Тарелки звенели в тишине, но я почти не слышала этого звука — всё заглушал ритм сердца. Мы с Хантером говорили осторожными фразами, будто играли в шахматы при свидетелях. Его слова были завуалированы, но каждое касалось меня — и только я понимала их настоящий смысл. Он будто нарочно растягивал паузы, смотрел прямо в глаза, а я старалась не выдавать ни дрожи в пальцах, ни тепла, которое разливалось по телу, когда он произносил что-то слишком двусмысленное.
— Ты всё так же любишь сладкое, Белоснежка? — произнёс он почти невинно, поддевая вилкой десерт.— Некоторые привычки не меняются, — ответила я, отводя взгляд, будто это не был удар ниже пояса.
Для всех остальных — обычная болтовня. Но мы знали, о чём действительно идёт речь.
Хелен слушала, и я видела, как её глаза темнели с каждой нашей обменянной репликой. Она собирала пазл слишком быстро. В её дыхании уже слышалось что-то резкое, как гроза на подходе.
— Хватит! — вдруг взорвалась она, с силой бросив салфетку на стол. — Я не собираюсь это терпеть!
Она вскочила, стул отъехал назад с неприятным скрежетом. Мама моментально поднялась и пошла за ней, приговаривая:— Хелен, подожди, ты всё неправильно поняла...
Хантер даже не пошевелился, только чуть прищурился и усмехнулся, как будто всё шло так, как он и планировал. Папа же с каменным лицом посмотрел на него и глухо сказал:— Пройдём в кабинет.
Тон не позволял возражать. Хантер наконец поднялся, не сводя с меня взгляда, и последовал за нашим отцом.
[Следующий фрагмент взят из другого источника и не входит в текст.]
(* Near 0 the chord bound gives [s g(w) + w^2/2 >= (d/8) w]; far from 0
   the quadratic term alone suffices. *)
Lemma admissible_of_concave (g : R -> Rbar) (s d : R) : 0 < s -> 0 < d ->
  (forall v, g (- v) = g v) -> B4 g -> concave_regime g s d ->
  q0_admissible g s (d / 8).
Proof.
  intros Hs Hd Hsym HB4 Hreg; set (A := d / 2).
  apply q0_admissible_of_finite; [exact Hs|exact HB4|]; intros u r Hr.
  assert (Hr0 : 0 <= r) by (specialize (HB4 u); now rewrite Hr in HB4).
  rewrite <- (pow2_abs u); rewrite (g_abs g u Hsym) in Hr; set (w := Rabs u) in *.
  assert (Hw : 0 <= w) by apply Rabs_pos.
  destruct (Rle_or_lt A w) as [Hfar|Hnear]; [unfold A in *; nra|].
  destruct (Req_dec w 0) as [H0|H0]; [rewrite H0; nra|].
  assert (HF : forall v, 0 < v < d -> g v = Finite (greal g v) /\ 0 <= greal g v)
    by (intros v Hv; now apply (concave_regime_value g s d)).
  assert (Hchord := concave_nonneg_chord _ _ _ d w A (prox_fun_concave g s 0 d Hs Hreg)).
  assert (HFA : A ^ 2 / 2 <= prox_fun g s 0 A).
  { destruct (HF A) as [_ HA]; [unfold A; lra|]; unfold prox_fun; nra. }
  assert (HFw : prox_fun g s 0 w = /2 * w ^ 2 + s * r).
  { destruct (HF w) as [Hgw _]; [unfold A in *; lra|].
    unfold prox_fun; rewrite Hr in Hgw; injection Hgw as <-; ring. }
  assert (w * prox_fun g s 0 A <= 2 * A * prox_fun g s 0 w).
  { apply Hchord; [|lra|lra|unfold A; lra].
    intros v Hv; destruct (HF v Hv) as [_ Hv0]; unfold prox_fun; nra. }
  unfold A in *; nra.
Qed.

(** Second regime: [g] is bounded below by [c > 0] near 0. *)

Definition bounded_below_regime (g : R -> Rbar) (d c : R) : Prop :=
  forall v, 0 < v < d -> Rbar_le (Finite c) (g v).

(* A small proximal point [u] costs [s g(u) >= s c], which forces the input
   [q >= s c / u] (compare with 0), while comparison with a point [w] where
   [g] is finite bounds [q] from above. *)
Lemma prox_gap_of_bounded_below (g : R -> Rbar) (s d c : R) : 0 < s -> 0 < d -> 0 < c ->
  (forall v, g (- v) = g v) -> B4 g -> g 0 = Finite 0 -> B2 g ->
  bounded_below_regime g d c -> exists d', 0 < d' /\ prox_gap g s d'.
Proof.
  intros Hs Hd Hc Hsym HB4 Hg0 [w0 [Hw0 Hfw0]] Hreg.
  set (w := Rabs w0); assert (Hw : 0 < w) by (apply Rabs_pos_lt, Hw0).
  set (G := real (g w)).
  assert (HgG : g w = Finite G) by (unfold G, w; rewrite <- g_abs by exact Hsym; now rewrite Hfw0).
  assert (HG : 0 <= G) by (specialize (HB4 w); now rewrite HgG in HB4).
  set (M := /2 * w ^ 2 + s * G); assert (HM : 0 < M) by (unfold M; nra).
  assert (Hd' : 0 < Rmin d (Rmin (w / 2) (s * c * w / (2 * M)))).
  { repeat apply Rmin_pos; try lra.
    apply Rdiv_lt_0_compat; [repeat apply Rmult_lt_0_compat|]; lra. }
  exists (Rmin d (Rmin (w / 2) (s * c * w / (2 * M)))); split; [exact Hd'|].
  apply prox_gap_of_pos; [exact Hsym|]; intros u q Hu Hp.
  apply Rnot_lt_le; intros Hsmall.
  assert (Hud := Rlt_le_trans _ _ _ Hsmall (Rmin_l _ _)).
  assert (Hsmall' := Rlt_le_trans _ _ _ Hsmall (Rmin_r _ _)).
  assert (Huw := Rlt_le_trans _ _ _ Hsmall' (Rmin_l _ _)).
  assert (Hus := Rlt_le_trans _ _ _ Hsmall' (Rmin_r _ _)).
  destruct (prox_point_finite g s q u Hs Hg0 HB4 Hp) as [r [Hr _]].
  assert (Hcr : c <= r) by (specialize (Hreg u (conj Hu Hud)); now rewrite Hr in Hreg).
  assert (Hvs0 := prox_compare g s q u 0 r 0 Hp Hr Hg0).
  assert (Hvsw := prox_compare g s q u w r G Hp Hr HgG).
  assert (Hqlow : s * c <= u * q) by nra.
  assert (Hq : 0 < q) by nra.
  assert (Hsr : 0 <= s * r) by nra.
  assert (q * (w / 2) <= q * (w - u)) by (apply Rmult_le_compat_l; lra).
  assert (Hqhigh : q * (w / 2) <= M) by (unfold M; nra).
  assert (Hus' : u * (2 * M) < s * c * w).
  { apply (Rmult_lt_compat_r (2 * M)) in Hus; [|lra].
    unfold Rdiv in Hus; rewrite Rmult_assoc, Rinv_l in Hus by lra; lra. }
  assert (s * c * (w / 2) <= u * q * (w / 2)) by (apply Rmult_le_compat_r; lra).
  assert (u * (q * (w / 2)) <= u * M) by (apply Rmult_le_compat_l; lra).
  lra.
Qed.

(* [q = min(d/2, s c/d)] is admissible: far from 0 by the quadratic term,
   near 0 by the lower bound [g >= c]. *)
Lemma admissible_of_bounded_below (g : R -> Rbar) (s d c : R) : 0 < s -> 0 < d -> 0 < c ->
  (forall v, g (- v) = g v) -> B4 g -> bounded_below_regime g d c ->
  q0_admissible g s (Rmin (d / 2) (s * c / d)).
Proof.
  intros Hs Hd Hc Hsym HB4 Hreg.
  assert (Hq1 := Rmin_l (d / 2) (s * c / d)); assert (Hq2 := Rmin_r (d / 2) (s * c / d)).
  assert (Hscd : s * c / d * d = s * c) by (field; lra).
  set (q := Rmin (d / 2) (s * c / d)) in *.
  assert (Hq0 : 0 <= q) by (apply Rmin_glb; [lra|apply Rlt_le, Rdiv_lt_0_compat; nra]).
  apply q0_admissible_of_finite; [exact Hs|exact HB4|]; intros u r Hr.
  assert (Hr0 : 0 <= r) by (specialize (HB4 u); now rewrite Hr in HB4).
  rewrite <- (pow2_abs u); rewrite (g_abs g u Hsym) in Hr; set (w := Rabs u) in *.
  assert (Hw : 0 <= w) by apply Rabs_pos.
  destruct (Rle_or_lt d w) as [Hfar|Hnear]; [nra|].
  destruct (Req_dec w 0) as [H0|H0]; [rewrite H0; nra|].
  assert (Hcr : c <= r) by (specialize (Hreg w ltac:(lra)); now rewrite Hr in Hreg).
  assert (q * w <= s * c / d * w) by (apply Rmult_le_compat_r; lra).
  assert (s * c / d * w <= s * c / d * d).
  { apply Rmult_le_compat_l; [apply Rlt_le, Rdiv_lt_0_compat; nra|lra]. }
  nra.
Qed.

Lemma concave_regime_of_g2_bound (g : R -> Rbar) (s d : R) : 0 < d ->
  twice_diff_near0 g -> (forall v, 0 < v < d -> g2 g v < - / s) ->
  exists d', 0 < d' /\ concave_regime g s d'.
Proof.
  intros Hd [eps [Heps Htd]] Hg2; exists (Rmin d eps); split; [now apply Rmin_pos|].
  intros v Hv; assert (Hl := Rmin_l d eps); assert (Hr := Rmin_r d eps).
  destruct (Htd v ltac:(lra)) as [Hfin [Hd1 Hd2]]; repeat split; auto.
  apply Hg2; lra.
Qed.

Lemma g2_bound_of_limsup (g : R -> Rbar) (l m : R) :
  limsup_right0 (g2 g) = Finite l -> l < m ->
  exists d, 0 < d /\ forall v, 0 < v < d -> g2 g v < m.
Proof.
  intros Hl Hlm; unfold limsup_right0 in Hl.
  destruct (Rbar_glb_lt_witness _ (Finite m) ltac:(rewrite Hl; exact Hlm))
    as [y [[d [Hd ->]] Hym]].
  exists d; split; [exact Hd|]; intros v Hv.
  refine (Rbar_le_lt_trans (Finite (g2 g v)) _ (Finite m) _ Hym).
  apply Rbar_le_lub_elem; now exists v.
Qed.

Lemma g2_bound_of_limit (g : R -> Rbar) (m : R) :
  filterlim (g2 g) (at_right 0) (Rbar_locally m_infty) ->
  exists d, 0 < d /\ forall v, 0 < v < d -> g2 g v < m.
Proof.
  intros Hlim; destruct (Hlim (fun y => y < m) (ex_intro _ m (fun x Hx => Hx))) as [e He].
  exists e; split; [apply cond_pos|]; intros v Hv; apply He; [|lra].
  change (Rabs (v - 0) < e); rewrite Rminus_0_r, Rabs_pos_eq; lra.
Qed.

Lemma bounded_below_of_liminf (g : R -> Rbar) : B3c g ->
  exists d c, 0 < d /\ 0 < c /\ bounded_below_regime g d c.
Proof.
  intros Hc; destruct (Rbar_lt_lub_witness _ _ Hc) as [y [[d [Hd ->]] Hy]].
  set (m := Rbar_glb (fun v => exists u, 0 < u < d /\ v = g u)) in Hy.
  assert (Hcy : exists c, 0 < c /\ Rbar_le (Finite c) m).
  { destruct m as [r| |]; simpl in Hy |- *.
    - exists r; split; lra.
    - exists 1; split; [lra|exact I].
    - contradiction. }
  destruct Hcy as [c [Hc0 Hcy]]; exists d, c; split; [|split]; auto.
  intros v Hv; eapply Rbar_le_trans; [exact Hcy|]; apply Rbar_glb_le_elem; now exists v.
Qed.

(* In case (B3a), [s > s0 = -1/l] means [l < -1/s]. *)
Lemma limsup_below_threshold (s l : R) : 0 < s -> l < 0 -> - / l < s -> l < - / s.
Proof.
  intros Hs Hl Hsl.
  assert (H1 : 1 < s * - l).
  { replace 1 with (- / l * - l) by (field; lra); apply Rmult_lt_compat_r; lra. }
  assert (/ s < - l).
  { apply (Rmult_lt_reg_l s); [exact Hs|]; rewrite Rinv_r by lra; lra. }
  lra.
Qed.

Lemma regime_dichotomy (g : R -> Rbar) (s : R) : AssumptionB g -> 0 < s -> s0 g < s ->
  (exists d, 0 < d /\ concave_regime g s d) \/
  (exists d c, 0 < d /\ 0 < c /\ bounded_below_regime g d c).
Proof.
  intros [_ [_ [HB3 _]]] Hs Hs0; unfold s0 in Hs0.
  destruct (excluded_middle_informative (B3b g \/ B3c g)) as [[[Htd Hlim]|Hc]|Hnot].
  - left; destruct (g2_bound_of_limit g (- / s) Hlim) as [d [Hd Hg2]].
    now apply (concave_regime_of_g2_bound g s d).
  - right; now apply bounded_below_of_liminf.
  - left; destruct HB3 as [[Htd [l [Hl Hl0]]]|Hbc]; [|contradiction].
    rewrite Hl in Hs0; simpl in Hs0.
    destruct (g2_bound_of_limsup g l (- / s) Hl) as [d [Hd Hg2]];
      [now apply limsup_below_threshold|].
    now apply (concave_regime_of_g2_bound g s d).
Qed.

Lemma gap_and_admissible (g : R -> Rbar) (s : R) : AssumptionB g -> 0 < s -> s0 g < s ->
  (exists d, 0 < d /\ prox_gap g s d) /\ (exists q, 0 < q /\ q0_admissible g s q).
Proof.
  intros HA Hs Hs0; assert (HA' := HA); destruct HA' as [[_ [Hsym Hg0]] [HB2 [_ HB4]]].
  destruct (regime_dichotomy g s HA Hs Hs0) as [[d [Hd Hreg]]|[d [c [Hd [Hc Hreg]]]]].
  - split; [exists d|exists (d / 8)]; split; try lra.
    + now apply prox_gap_of_concave.
    + now apply admissible_of_concave.
  - split; [now apply (prox_gap_of_bounded_below g s d c)|].
    exists (Rmin (d / 2) (s * c / d)); split.
    + apply Rmin_pos; [lra|apply Rdiv_lt_0_compat; nra].
    + now apply admissible_of_bounded_below.
Qed.

Lemma sigma_ge_gap (g : R -> Rbar) (s d : R) : prox_gap g s d -> Rbar_le (Finite d) (sigma_g g s).
Proof.
  intros Hgap; apply Rbar_le_glb; intros x [u [q [Hu [Hp ->]]]]; exact (Hgap u q Hu Hp).
Qed.

Lemma sigma_le_prox_point (g : R -> Rbar) (s q u : R) : u <> 0 -> in_prox g s q u ->
  Rbar_le (sigma_g g s) (Finite (Rabs u)).
Proof. intros Hu Hp; apply Rbar_glb_le_elem; now exists u, q. Qed.

Lemma q0_ge_admissible (g : R -> Rbar) (s q : R) : 0 <= q -> q0_admissible g s q ->
  Rbar_le (Finite q) (q0_g g s).
Proof. intros Hq Hadm; apply Rbar_le_lub_elem; now exists q. Qed.

Lemma q0_le_finite_point (g : R -> Rbar) (s w G : R) : w <> 0 -> g w = Finite G ->
  Rbar_le (q0_g g s) (Finite ((/2 * w ^ 2 + s * G) / Rabs w)).
Proof.
  intros Hw HG; assert (Haw : 0 < Rabs w) by now apply Rabs_pos_lt.
  apply Rbar_lub_le; intros x [q [_ [-> Hadm]]]; specialize (Hadm w); rewrite HG in Hadm.
  apply Rmult_le_reg_r with (Rabs w); [exact Haw|].
  unfold Rdiv; rewrite Rmult_assoc, Rinv_l, Rmult_1_r by lra; exact Hadm.
Qed.

Lemma q0_finite_pos (g : R -> Rbar) (s : R) : B2 g ->
  (exists q, 0 < q /\ q0_admissible g s q) -> exists Q, q0_g g s = Finite Q /\ 0 < Q.
Proof.
  intros [w [Hw Hfin]] [q [Hq Hadm]].
  assert (Hup := q0_le_finite_point g s w (real (g w)) Hw (eq_sym Hfin)).
  assert (Hlow := q0_ge_admissible g s q (Rlt_le _ _ Hq) Hadm).
  destruct (q0_g g s) as [Q| |]; simpl in Hup, Hlow; try contradiction.
  exists Q; split; [reflexivity|lra].
Qed.

(* If [u > 0] is proximal for input [q], then [q0(s) <= q]: comparing with
   [v = 0] gives [u^2/2 + s g(u) <= q u]. *)
Lemma q0_le_prox_input (g : R -> Rbar) (s q u r : R) : g 0 = Finite 0 -> 0 < u ->
  in_prox g s q u -> g u = Finite r -> Rbar_le (q0_g g s) (Finite q).
Proof.
  intros Hg0 Hu Hp Hr; assert (Hcmp := prox_compare g s q u 0 r 0 Hp Hr Hg0).
  apply Rbar_lub_le; intros x [q' [_ [-> Hadm]]]; specialize (Hadm u); rewrite Hr in Hadm.
  simpl in Hadm |- *; rewrite Rabs_pos_eq in Hadm by lra.
  apply Rmult_le_reg_r with u; nra.
Qed.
А я осталась одна. Тишина в гостиной была почти осязаемой, густой. Я спокойно доела ужин, будто мне нужно было завершить хотя бы этот ритуал, иначе сердце выскочит из груди.
Потом медленно поднялась по лестнице на второй этаж. Рука дрожала, когда я открывала дверь своей старой комнаты. И... будто попала в прошлое. Ни одной новой детали, всё на своих местах: полка с книгами, зеркало, прикроватная лампа. Даже постельное бельё — такое же, как было, когда я уезжала.
Я опустилась на кровать и легла, уставившись в потолок. Пространство будто сжалось, и я потерялась во времени.
Неужели я изменилась?Стала ли я той самой тварью, которая разрушила чужой брак?
Но разве это была только моя вина? Хелен ведь тоже знала. Она должна была понимать, что их брак — не крепость, а зыбкая декорация. Она же видела, каким он стал. Разве можно было всерьёз верить, что из этого получится что-то доброе?
И всё же... меня разрывало. Между тем, что я чувствовала к нему, и тем, кем становилась рядом с ним. Когда я поняла, что вечер был провален. Я решила поехать домой, но выйдя из комнаты и закрыв за собой дверь. Что-то или кто-то прижал меня к двери.
Дверь передо мной будто дрожала,как будто тоже чувствовала его ярость и желание. Я ещё не успела сделать шаг — он уже оказался там. Его ладонь грубо вжала мои руки к двери одной хваткой, такой сильной, что я даже дёрнуться не могла. Лицо прижалось щекой к прохладной древесине, дыхание сбилось, в горле пересохло.
— Довольна? — его голос звучал низко, хрипло, с опасной усмешкой. — Теперь я официально холостяк. Только вот одно но... наказывать тебя придётся. Это должен был сказать ей я, а не ты. Ты испортила мои планы, Белоснежка.
Его горячее дыхание обожгло ухо, и мурашки прошли по всему телу. Я зашипела:— Ты больной ублюдок.
— Осторожнее, — он хмыкнул, прижимая сильнее, будто вдавливал меня в дверь. — Ты только хуже делаешь. Лучше тебе прикрыть свой чудесный ротик. Хотя, если хочешь... я могу найти для него другое применение.
Я замерла, а затем почувствовала, как он упёрся в меня сзади чем-то твёрдым, бесстыдно ясно давая понять, чего хочет. От этого стало трудно дышать, кожа вспыхнула огнём, но внутри поднялась ненависть.
— Я, в отличие от тебя, думаю о других людях, — выдавила я сквозь зубы.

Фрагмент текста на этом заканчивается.